%%

Lemma dvdp_deriv_mup p : L ^+ (mup th p).-1 %| p^`().
Proof.
case mE: (mup th p) => [|m] /=; first by rewrite expr0 dvd1p.
have /dvdpP [r ->] : L ^+ m.+1 %| p by rewrite -mE dvdp_mup.
rewrite derivM deriv_exp derivXsubC mul1r /=.
apply: dvdp_add; first by apply: dvdp_mull; rewrite exprS dvdp_mulIr.
by apply: dvdp_mull; rewrite -mulr_natr dvdp_mulr.
Qed.

Lemma mup_sub_dvd p q : q != 0 -> L ^+ (mup th q).+1 %| p ->
  p - q != 0 /\ mup th (p - q) = mup th q.
Proof.
move=> q0 dp; have qnd : ~~ (L ^+ (mup th q).+1 %| q) by rewrite -mup_leq.
have pq0 : p - q != 0.
  by rewrite subr_eq0; apply: (contraNneq _ qnd) => pq; rewrite -[in X in _ %| X]pq.
split=> //; apply/eqP; rewrite eqn_leq mup_leq // mup_geq //; apply/andP; split.
  by apply: (contra _ qnd) => dpq; rewrite -[in X in _ %| X](subKr p q) dvdp_sub.
by rewrite dvdp_sub ?dvdp_mup // (dvdp_trans _ dp) // dvdp_exp2l.
Qed.

End RootMultiplicity.

(* Sums of squares of polynomials over a real field vanish to even order. *)
Section SumsOfSquares.
Variables (R : realFieldType) (th : R).
Local Open Scope ring_scope.
Local Notation L := ('X - th%:P).

Definition sos (p : {poly R}) := exists s : seq {poly R}, p = \sum_(q <- s) q ^+ 2.

Lemma sos_sq q : sos (q ^+ 2).
Proof. by exists [:: q]; rewrite big_seq1. Qed.

Lemma sos_add p q : sos p -> sos q -> sos (p + q).
Proof. by case=> s -> [t ->]; exists (s ++ t); rewrite big_cat. Qed.

Lemma sos_sum (I : finType) (P : pred I) (F : I -> {poly R}) :
  (forall i, P i -> sos (F i)) -> sos (\sum_(i | P i) F i).
Proof.
by move=> sosF; apply: big_ind => //; [exists [::]; rewrite big_nil | apply: sos_add].
Qed.

(* p = (x - th)^(2d) h with h(th) > 0: p vanishes to the even order 2d at th
   and is positive on both sides of th. *)
Definition evenpos_order (p : {poly R}) (d : nat) :=
  exists h, p = L ^+ (2 * d) * h /\ 0 < h.[th].

Lemma evenpos_order_mup p d : evenpos_order p d -> p != 0 /\ mup th p = (2 * d)%N.
Proof.
case=> h [-> hpos]; have hroot : ~~ root h th by rewrite /root gt_eqF.
split; last by rewrite mupMl // mup_XsubCX eqxx.
rewrite mulf_neq0 ?expf_neq0 ?polyXsubC_eq0 //.
by apply: contraNneq hroot => ->; rewrite root0.
Qed.

Lemma evenpos_order_sq q : q != 0 -> evenpos_order (q ^+ 2) (mup th q).
Proof.
move=> q0; have [m [g]] := multiplicity_XsubC q th; rewrite q0 /= => groot qE.
have -> : mup th q = m by rewrite qE mupMr // mup_XsubCX eqxx.
exists (g ^+ 2); split; last by rewrite horner_exp exprn_even_gt0.
by rewrite qE exprMn mulrC -exprM mulnC.
Qed.

(* In a sum of such polynomials the lowest order survives: no cancellation. *)
Lemma evenpos_order_add p r d1 d2 : evenpos_order p d1 -> evenpos_order r d2 ->
  evenpos_order (p + r) (minn d1 d2).
Proof.
move=> [h1 [-> h1pos]] [h2 [-> h2pos]].
wlog le12 : d1 d2 h1 h2 h1pos h2pos / (d1 <= d2)%N.
  move=> sym; case/orP: (leq_total d1 d2) => le; first exact: sym.
  by rewrite addrC minnC; apply: sym.
exists (h1 + L ^+ (2 * (d2 - d1)) * h2); rewrite (minn_idPl le12); split.
  by rewrite mulrDr mulrA -exprD -mulnDr subnKC.
rewrite hornerD hornerM horner_exp hornerXsubC subrr ltr_wpDr //.
by apply: mulr_ge0; [rewrite expr0n; case: eqP | apply: ltW].
Qed.

Lemma sos_evenpos p : sos p -> p = 0 \/ exists d, evenpos_order p d.
Proof.
case=> s ->; elim: s => [|q s IH]; first by left; rewrite big_nil.
rewrite big_cons; have [->|q0] := eqVneq q 0; first by rewrite expr0n /= add0r.
right; case: IH => [->|[d pd]].
  by rewrite addr0; exists (mup th q); apply: evenpos_order_sq.
by exists (minn (mup th q) d); apply: evenpos_order_add => //; apply: evenpos_order_sq.
Qed.

Lemma sos_mup_even p : sos p -> p != 0 -> ~~ odd (mup th p).
Proof.
case/sos_evenpos => [-> /eqP //|[d /evenpos_order_mup [_ ->]] _].
by rewrite mul2n odd_double.
Qed.

Lemma sos_sq_mup q p : sos p -> q != 0 ->
  q ^+ 2 + p != 0 /\ (mup th (q ^+ 2 + p) <= 2 * mup th q)%N.
Proof.
move=> sosp q0; have qd := evenpos_order_sq q0.
case: (sos_evenpos sosp) => [->|[d pd]].
  by rewrite addr0; have [-> ->] := evenpos_order_mup qd.
have [-> ->] := evenpos_order_mup (evenpos_order_add qd pd).
by rewrite leq_mul2l geq_minl orbT.
Qed.

Lemma mup_wronskian (f g s : {poly R}) :
  sos s -> g != 0 -> g * f^`() - f * g^`() = g ^+ 2 + s ->
  (mup th f <= (mup th g).+1)%N.
Proof.
move=> sos_s g0 W; have [W0 Wle] := sos_sq_mup sos_s g0; rewrite -W in W0 Wle.
rewrite leqNgt; apply/negP => ltgf.
suff : L ^+ (2 * mup th g).+1 %| g * f^`() - f * g^`().
  by rewrite -mup_geq // => /leq_trans/(_ Wle); rewrite ltnn.
apply: dvdp_sub.
  apply: dvdp_trans (dvdp_mul (dvdp_mup th g) (dvdp_deriv_mup th f)).
  by rewrite -exprD dvdp_exp2l //; lia.
apply: dvdp_trans (dvdp_mul (dvdp_mup th f) (dvdp_deriv_mup th g)).
by rewrite -exprD dvdp_exp2l //; lia.
Qed.

End SumsOfSquares.

Lemma setD1C (T : finType) (A : {set T}) x y : A :\ x :\ y = A :\ y :\ x.
Proof. by apply/setP => z; rewrite !inE andbCA. Qed.

(* Godsil's sum-of-squares identity and its consequences for mult. *)
Section Interlacing.
Variables (T : finType) (e : rel T).
Hypotheses (e_sym : symmetric e) (e_irr : irreflexive e).
Variables (R : realFieldType) (th : R).
Local Open Scope ring_scope.
Local Notation mu S := (matchpoly R e S).
Local Notation mlt S := (mult e th S).
Local Notation L := ('X - th%:P).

%%

Your assignment: Copy each line of the records that has "polynomials" in it.

Exercise result:
(* Sums of squares of polynomials over a real field vanish to even order. *)
(* In a sum of such polynomials the lowest order survives: no cancellation. *)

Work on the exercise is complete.